Measurement Framework Comparison: EAR vs. p3em
A direct comparison between EAR and p3em shows p3em systematically reporting higher energy efficiency, especially for short or fine-grained kernels, attributable to tighter measurement windows and exclusion of initialization overhead. Consistency of trends across both tools validates the data, and the study recommends p3em for fine-grained, intra-application analysis.
Implications and Forward Outlook
This work provides comprehensive baselines for node-level HPC performance and energy analysis on next-generation Intel heterogenous architectures. Practically, the findings underline the importance of exposing sufficient computational granularity—especially for offloaded GPU kernels—to maximize both throughput and energy efficiency. They also suggest that while roofline models remain informative, application-level, phase-accurate energy metrics yield a deeper understanding of bottlenecks and optimization potential.
From a theoretical perspective, the decoupling of throughput and energy efficiency under certain kernel mixes or node configurations highlights the necessity for nuanced resource allocation and scheduling policies in HPC environments as power and thermal constraints become increasingly dominant.

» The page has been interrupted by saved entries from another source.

(* Let $p,q\in(0,1/2)$ and let $S_1(x)=px$, $S_2(x)=qx$, $S_3(x)=px+1-p$, $S_4(x)=qx+1-q$ be maps $\mathbb R\to\mathbb R$. Let $K=K_{pq}$ be the attractor of $\{S_1,S_2,S_3,S_4\}$ and $A=S_3(K)\cup S_4(K)$. Then: (i) $S_1S_2=S_2S_1$ and $S_3S_4=S_4S_3$; (ii) $K=\omega(K)$, where $\omega(x)=1-x$; (iii) for $i=1,2$ and any integers $m\neq n$, $S_i^m(A)\cap S_i^n(A)=\varnothing$; (iv) for any integers $m,n\ge 0$, $S_1^mS_2^n(K)\subseteq S_1^m(K)\cap S_2^n(K)$; (v) $K\setminus\{0\}=\bigcup_{m,n=0}^{\infty}S_1^mS_2^n(A)$.
   Context: The attractor of a finite system of contractions $\{S_1,\dots,S_m\}$ of $\mathbb R$ is the unique nonempty compact set $K$ with $K=\bigcup_i S_i(K)$. Powers $S_i^m$ denote $m$-fold composition (with $S_i^0=\mathrm{Id}$ and negative powers meaning powers of the inverse map). *)

From HB Require Import structures.
From mathcomp Require Import all_boot all_order all_algebra.
From mathcomp Require Import all_classical all_reals all_analysis.
Set Implicit Arguments. Unset Strict Implicit. Unset Printing Implicit Defensive.
Import Order.TTheory GRing.Theory Num.Theory.
Import numFieldNormedType.Exports.
Local Open Scope ring_scope.
Local Open Scope classical_set_scope.

Definition S1 {R : realType} (p : R) (x : R) : R := p * x.
Definition S2 {R : realType} (q : R) (x : R) : R := q * x.
Definition S3 {R : realType} (p : R) (x : R) : R := p * x + 1 - p.
Definition S4 {R : realType} (q : R) (x : R) : R := q * x + 1 - q.
Definition omega {R : realType} (x : R) : R := 1 - x.

Definition Slin_inv {R : realType} (c : R) (x : R) : R := x / c.

(* Integer power of a map f with given inverse finv:
   f^m = m-fold composition for m >= 0, (finv)^|m| for m < 0. *)
Definition zpow_map {T : Type} (f finv : T -> T) (m : int) : T -> T :=
  match m with
  | Posz n => iter n f
  | Negz n => iter n.+1 finv
  end.

Definition is_attractor {R : realType} (fs : seq (R -> R)) (K : set R) : Prop :=
  K !=set0 /\ compact K /\ K = \bigcup_(i in [set i : nat | (i < size fs)%N]) (nth id fs i @` K).

(* All four maps are 1/2-Lipschitz, so the attractor lies in every nonempty
   closed set that they map into itself.  Applied to [0, 1], and to the preimage
   of K under omega (omega conjugates S1, S2 into S3, S4), this gives K ⊆ [0, 1]
   and omega(K) = K.  Hence A ⊆ (1/2, 1], a fundamental domain of x ↦ c x on
   (0, 1] for c < 1/2, which gives (iii).  For (v), a nonzero point of K that is
   not in A is S1 y or S2 y with y ∈ K at least twice as large, and this can only
   happen finitely often since K ⊆ [0, 1]. *)

From mathcomp Require Import all_boot all_order all_algebra.
From mathcomp Require Import all_classical all_reals all_analysis.
From mathcomp Require Import lra ring.
Set Implicit Arguments.
Unset Strict Implicit.
Unset Printing Implicit Defensive.

Import Order.TTheory GRing.Theory Num.Theory.
Import numFieldNormedType.Exports.
Local Open Scope ring_scope.
Local Open Scope classical_set_scope.

Lemma lipschitzP (R : realType) (k : R) (f : R -> R) :
  k.-lipschitz f <-> forall u v, `|f u - f v| <= k * `|u - v|.
Proof. by split=> [Lf u v|Lf [u v] _]; [exact: (Lf (u, v)) | exact: Lf]. Qed.

Lemma lipschitz_comp (R : realType) (k l : R) (f g : R -> R) : 0 <= k ->
  k.-lipschitz f -> l.-lipschitz g -> (k * l).-lipschitz (f \o g).
Proof.
move=> k0 /lipschitzP Lf /lipschitzP Lg; apply/lipschitzP => u v /=.
by rewrite -mulrA; apply: le_trans (Lf _ _) _; rewrite ler_wpM2l.
Qed.

Lemma exists_expr_lt (R : realType) (r e : R) :
  0 <= r < 1 -> 0 < e -> exists n, r ^+ n < e.
Proof.
move=> /andP[r0 r1] e0.
have /cvgrPdist_lt/(_ e e0) [N _ HN] := @cvg_expr R r ltac:(by rewrite ger0_norm).
by exists N; have := HN N (leqnn N); rewrite sub0r normrN ger0_norm // exprn_ge0.
Qed.

Section AttractorMinimality.
Variables (R : realType) (fs : seq (R -> R)) (r : R) (K C : set R).
Hypothesis r_ge0 : 0 <= r.
Hypothesis r_lt1 : r < 1.
Hypothesis fs_lipschitz : forall i, (i < size fs)%N -> r.-lipschitz (nth id fs i).
Hypothesis K_attractor : is_attractor fs K.
Hypothesis C_closed : closed C.
Hypothesis C_invariant : forall i, (i < size fs)%N -> nth id fs i @` C `<=` C.

Lemma attractor_iter_cover n x : K x ->
  exists F y, [/\ K y, (r ^+ n).-lipschitz F, F @` C `<=` C & x = F y].
Proof.
case: K_attractor => _ [_ KE].
elim: n x => [|n IH] x Kx.
  by exists id, x; split=> //; [apply/lipschitzP => u v; rewrite mul1r | move=> _ [y ? <-]].
have [F [y [Ky LF FC ->]]] := IH x Kx.
move: Ky; rewrite {1}KE => -[i /= i_lt [z Kz <-]].
exists (F \o nth id fs i), z; split=> //.
- by rewrite exprSr; apply: lipschitz_comp; rewrite ?exprn_ge0 //; exact: fs_lipschitz.
- move=> _ [w Cw <-]; apply: FC; exists (nth id fs i w) => //.
  by apply: C_invariant i_lt _ _; exists w.
Qed.

Lemma attractor_sub_closed : C !=set0 -> K `<=` C.
Proof.
case=> z0 Cz0 x Kx; case: K_attractor => _ [/compact_bounded [M0 [_ KM0]] _].
pose M : R := `|M0| + 1.
have KM y : K y -> `|y| <= M by apply: KM0; rewrite /M; have := ler_norm M0; lra.
rewrite (closure_id C).1 // => B /nbhs_ballP [e /= e0 eB].
set D := M + `|z0|.
have D0 : 0 < D by rewrite /D /M; have := normr_ge0 M0; have := normr_ge0 z0; lra.
have [n rn] := @exists_expr_lt R r (e / D) ltac:(by rewrite r_ge0) (divr_gt0 e0 D0).
have [F [y [Ky /lipschitzP LF FC xE]]] := attractor_iter_cover n Kx.
exists (F z0); split; first by apply: FC; exists z0.
apply: eB; rewrite /ball /= xE; apply: le_lt_trans (LF _ _) _.
have yz0 : `|y - z0| <= D by apply: le_trans (ler_normB _ _) _; rewrite lerD2r KM.
apply: le_lt_trans (ler_wpM2l (exprn_ge0 n r_ge0) yz0) _.
by rewrite -ltr_pdivlMr.
Qed.

End AttractorMinimality.

Lemma zpow_map_scale (R : realType) (c x : R) (m : int) : c != 0 ->
  zpow_map (fun y => c * y) (Slin_inv c) m x = c ^ m * x.
Proof.
move=> c0; case: m => n; first by rewrite /= iter_mulr.
change (iter n.+1 (Slin_inv c) x = c ^- n.+1 * x).
elim: n.+1 => [|k IH] /=; first by rewrite expr0 invr1 mul1r.
by rewrite IH /Slin_inv exprSr invfM mulrAC.
Qed.

Lemma scale_orbit_inj (R : realType) (c a b : R) (m n : int) : 0 < c ->
  c < a <= 1 -> c < b <= 1 -> c ^ m * a = c ^ n * b -> m = n.
Proof.
wlog mn : m n a b / m <= n.
  move=> hw c0 ha hb E; case: (lerP m n) => mn; first exact: hw mn c0 ha hb E.
  by apply/esym; apply: hw (ltW mn) c0 hb ha (esym E).
move=> c0 /andP[ca a1] /andP[cb b1] E.
apply/eqP; rewrite eq_le mn leNgt; apply/negP => {}mn.
have c0' : c != 0 by rewrite gt_eqF.
have c1 : c < 1 by apply: lt_le_trans a1.
have {E} : a = c ^ (n - m) * b.
  by apply: (mulfI (expfz_neq0 m c0')); rewrite mulrA -expfzDr // addrC subrK.
have mn1 : 1 <= n - m by rewrite lerBrDr addrC lezD1.
have : c ^ (n - m) <= c.
  by rewrite -[X in _ <= X]expr1z ler_piXz2l //; exact: le_trans ler01 mn1.
have : 0 <= c ^ (n - m) by rewrite exprz_ge0 ?ltW.
nra.
Qed.

Lemma scale_zpow_disjoint (R : realType) (c : R) (A : set R) (m n : int) :
  0 < c -> (forall a, A a -> c < a <= 1) -> m <> n ->
  zpow_map (fun x => c * x) (Slin_inv c) m @` A `&`
  zpow_map (fun x => c * x) (Slin_inv c) n @` A = set0.
Proof.
move=> c0 Ac mn; apply/disjoints_subset => _ [a Aa <-] [b Ab].
rewrite !zpow_map_scale ?gt_eqF // => /esym E.
exact: mn (scale_orbit_inj c0 (Ac a Aa) (Ac b Ab) E).
Qed.

Section FourMapIFS.
Variables (R : realType) (p q : R) (K : set R).
Hypothesis p_bounds : 0 < p < 1/2.
Hypothesis q_bounds : 0 < q < 1/2.

Local Notation ifs := [:: S1 p; S2 q; S3 p; S4 q].
Hypothesis K_attractor : is_attractor ifs K.

Local Notation A := (S3 p @` K `|` S4 q @` K).

Lemma K_cover x : K x -> exists2 y, K y &
  [\/ x = S1 p y, x = S2 q y, x = S3 p y | x = S4 q y].
Proof.
case: K_attractor => _ [_ KE]; rewrite {1}KE => -[i /= i4 [y Ky <-]]; exists y => //.
by case: i i4 => [|[|[|[|]]]] // _; [apply: Or41 | apply: Or42 | apply: Or43 | apply: Or44].
Qed.

Lemma K_stable y : K y -> [/\ K (S1 p y), K (S2 q y), K (S3 p y) & K (S4 q y)].
Proof.
case: K_attractor => _ [_ KE] Ky; rewrite KE.
by split; [exists 0%N | exists 1%N | exists 2%N | exists 3%N] => //; exists y.
Qed.

Lemma ifs_lipschitz i : (i < size ifs)%N -> (2^-1).-lipschitz (nth id ifs i).
Proof.
have scale (c d : R) : 0 < c < 1/2 -> `|c * d| <= 2^-1 * `|d|.
  by case/andP=> c0 c2; rewrite normrM gtr0_norm // ler_wpM2r //; lra.
move=> i4; apply/lipschitzP => u v; rewrite /S1 /S2 /S3 /S4.
case: i i4 => [|[|[|[|]]]] //= _.
- by rewrite -mulrBr scale.
- by rewrite -mulrBr scale.
- by rewrite (_ : _ - _ = p * (u - v)) ?scale //; ring.
- by rewrite (_ : _ - _ = q * (u - v)) ?scale //; ring.
Qed.

Lemma K_sub_closed_stable (C : set R) : closed C -> C !=set0 ->
  (forall x, C x -> [/\ C (S1 p x), C (S2 q x), C (S3 p x) & C (S4 q x)]) -> K `<=` C.
Proof.
move=> Ccl C0 CS; apply: (attractor_sub_closed _ _ ifs_lipschitz K_attractor Ccl _ C0).
- by rewrite invr_ge0.
- by rewrite invf_lt1 // ltr1n.
- by move=> i i4 _ [x /CS [? ? ? ?] <-]; case: i i4 => [|[|[|[|]]]].
Qed.

Lemma K_bounds x : K x -> 0 <= x <= 1.
Proof.
case/andP: p_bounds => p0 p2; case/andP: q_bounds => q0 q2.
suff /[apply] : K `<=` `[0, 1] by rewrite /= in_itv.
apply: K_sub_closed_stable; first exact: itv_closed.
  by exists 0; rewrite /= in_itv /= lexx ler01.
move=> y; rewrite /= !in_itv /= /S1 /S2 /S3 /S4 => /andP[y0 y1].
by split; apply/andP; split; nra.
Qed.

Lemma K_reflect_stable x : K x -> K (omega x).
Proof.
have omega_cont : continuous (@omega R).
  by move=> x0; apply: cvgB; [exact: cvg_cst | exact: cvg_id].
apply: (K_sub_closed_stable (C := omega @^-1` K)).
- apply: preimage_closed => [y _|]; first exact: omega_cont.
  by case: K_attractor => _ [cK _]; exact: compact_closed (@Rhausdorff R) cK.
- by case: K_attractor => -[z Kz] _; exists (omega z); rewrite /= /omega opprB addrC subrK.
- move=> y /K_stable[K1 K2 K3 K4]; rewrite /= /omega /S1 /S2 /S3 /S4 in K1 K2 K3 K4 *.
  split.
  + by rewrite (_ : 1 - _ = p * (1 - y) + 1 - p) //; ring.
  + by rewrite (_ : 1 - _ = q * (1 - y) + 1 - q) //; ring.
  + by rewrite (_ : 1 - _ = p * (1 - y)) //; ring.
  + by rewrite (_ : 1 - _ = q * (1 - y)) //; ring.
Qed.

Lemma K_reflect : K = omega @` K.
Proof.
apply/seteqP; split=> [x Kx|_ [y Ky <-]]; last exact: K_reflect_stable.
by exists (omega x); [exact: K_reflect_stable | rewrite /omega opprB addrC subrK].
Qed.

Lemma A_bounds a : A a -> 1/2 < a <= 1.
Proof.
case/andP: p_bounds => p0 p2; case/andP: q_bounds => q0 q2.
by case=> -[y /K_bounds]; rewrite /S3 /S4 => /andP[y0 y1] <-;
  apply/andP; split; nra.
Qed.

Lemma A_scale_zpow_disjoint (c : R) (m n : int) : 0 < c < 1/2 -> m <> n ->
  zpow_map (fun x => c * x) (Slin_inv c) m @` A `&`
  zpow_map (fun x => c * x) (Slin_inv c) n @` A = set0.
Proof.
case/andP=> c0 c2; apply: scale_zpow_disjoint => // a /A_bounds /andP[a2 ->].
by rewrite andbT (lt_trans c2).
Qed.

Lemma iter_S1_S2 m n y : iter m (S1 p) (iter n (S2 q) y) = p ^+ m * (q ^+ n * y).
Proof. by rewrite !iter_mulr. Qed.

Lemma iter_S1_S2C m n y :
  iter n (S2 q) (iter m (S1 p) y) = iter m (S1 p) (iter n (S2 q) y).
Proof. by rewrite !iter_mulr mulrCA. Qed.

Lemma K_iter_S1_S2 m n y : K y -> K (iter m (S1 p) (iter n (S2 q) y)).
Proof.
move=> Ky; elim: m => [|m IH] /=; last by case: (K_stable IH).
by elim: n => [|n IH] //=; case: (K_stable IH).
Qed.

Lemma iter_S1_S2_image_sub m n :
  (iter m (S1 p) \o iter n (S2 q)) @` K `<=` iter m (S1 p) @` K `&` iter n (S2 q) @` K.
Proof.
move=> _ [y Ky <-]; split; first by exists (iter n (S2 q) y) => //; exact: (K_iter_S1_S2 0).
by exists (iter m (S1 p) y); [exact: (K_iter_S1_S2 m 0) | exact: iter_S1_S2C].
Qed.

Lemma K_decomposition N x : K x -> 2^-1 ^+ N < x ->
  exists m n, exists2 a, A a & x = iter m (S1 p) (iter n (S2 q) a).
Proof.
have halve (c y t : R) : 0 < c < 1/2 -> 0 <= y -> 0 <= t -> 2^-1 * t < c * y -> t < y.
  by case/andP=> c0 c2 y0 t0; nra.
elim: N x => [|N IH] x Kx.
  have /andP[_ x1] := K_bounds Kx; rewrite expr0 => x_gt1; exfalso; lra.
have t0 : 0 <= 2^-1 ^+ N :> R by rewrite exprn_ge0 // invr_ge0.
rewrite exprS; have [y Ky [->|->|->|->]] := K_cover Kx => xN.
- have /andP[y0 _] := K_bounds Ky.
  have [m [n [a Aa ->]]] := IH y Ky (halve _ _ _ p_bounds y0 t0 xN).
  by exists m.+1, n, a.
- have /andP[y0 _] := K_bounds Ky.
  have [m [n [a Aa ->]]] := IH y Ky (halve _ _ _ q_bounds y0 t0 xN).
  by exists m, n.+1, a => //; exact: iter_S1_S2C m 1 _.
- by exists 0%N, 0%N, (S3 p y) => //; left; exists y.
- by exists 0%N, 0%N, (S4 q y) => //; right; exists y.
Qed.

Lemma K_setD0 :
  K `\ 0 = \bigcup_(mn in [set: nat * nat]) ((iter mn.1 (S1 p) \o iter mn.2 (S2 q)) @` A).
Proof.
apply/seteqP; split=> [x [Kx /eqP x0]|_ [[m n] _ [a Aa <-]]] /=.
  have /andP[x_ge0 _] := K_bounds Kx.
  have half : 0 <= (2^-1 : R) < 1 by rewrite invr_ge0 ler0n invf_lt1 ?ltr1n.
  have x_gt0 : 0 < x by rewrite lt_neqAle eq_sym x0.
  have [N xN] := exists_expr_lt half x_gt0.
  by have [m [n [a Aa ->]]] := K_decomposition Kx xN; exists (m, n) => //; exists a.
case/andP: p_bounds => p0 _; case/andP: q_bounds => q0 _.
have /andP[a_gt0 _] : 0 < a <= 1 by have /andP[a2 ->] := A_bounds Aa; rewrite andbT; lra.
split; first by case: Aa => -[y Ky <-]; case: (K_stable Ky) => *; exact: K_iter_S1_S2.
by rewrite iter_S1_S2; apply/eqP; rewrite gt_eqF // !mulr_gt0 ?exprn_gt0.
Qed.

End FourMapIFS.

Theorem proposition1 (R : realType) (p q : R) (K : set R) :
  0 < p < 1/2 -> 0 < q < 1/2 ->
  is_attractor [:: S1 p; S2 q; S3 p; S4 q] K ->
  let A := (S3 p @` K) `|` (S4 q @` K) in
  (* (i) *)
  (S1 p \o S2 q = S2 q \o S1 p /\ S3 p \o S4 q = S4 q \o S3 p) /\
  (* (ii) *)
  K = omega @` K /\
  (* (iii) *)
  (forall m n : int, m <> n ->
     (zpow_map (S1 p) (Slin_inv p) m @` A) `&` (zpow_map (S1 p) (Slin_inv p) n @` A) = set0 /\
     (zpow_map (S2 q) (Slin_inv q) m @` A) `&` (zpow_map (S2 q) (Slin_inv q) n @` A) = set0) /\
  (* (iv) *)
  (forall m n : nat,
     (iter m (S1 p) \o iter n (S2 q)) @` K `<=` (iter m (S1 p) @` K) `&` (iter n (S2 q) @` K)) /\
  (* (v) *)
  K `\ 0 = \bigcup_(mn in [set: nat * nat]) ((iter mn.1 (S1 p) \o iter mn.2 (S2 q)) @` A).
Proof.
move=> hp hq attK A.
split; first by split; apply: funext => x; rewrite /= /S1 /S2 /S3 /S4; ring.
split; first exact: K_reflect hp hq attK.
split; first by move=> m n mn; split; exact: A_scale_zpow_disjoint.
split; first exact: iter_S1_S2_image_sub attK.
exact: K_setD0.
Qed.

Future research involving multi-node scaling, network contention, and an expanded application set is proposed. Comparative benchmarking across competing hardware generations will also refine interpretations of both empirical and projected energy-performance characteristics for flagship computational science workloads.
Conclusion
The paper systematically demonstrates that, for a heterogeneous system equipped with Intel SSC + PVC, GPU offloading enables order-of-magnitude improvements in both throughput and energy efficiency for a broad set of scientific applications. However, these gains are strongly workload- and granularity-dependent. The unification of throughput and energy metrics across multiple scientific domains enables robust, actionable guidance for code and system optimization. Future work will expand these results into the multi-node regime and deepen analysis of interconnect and memory system effects.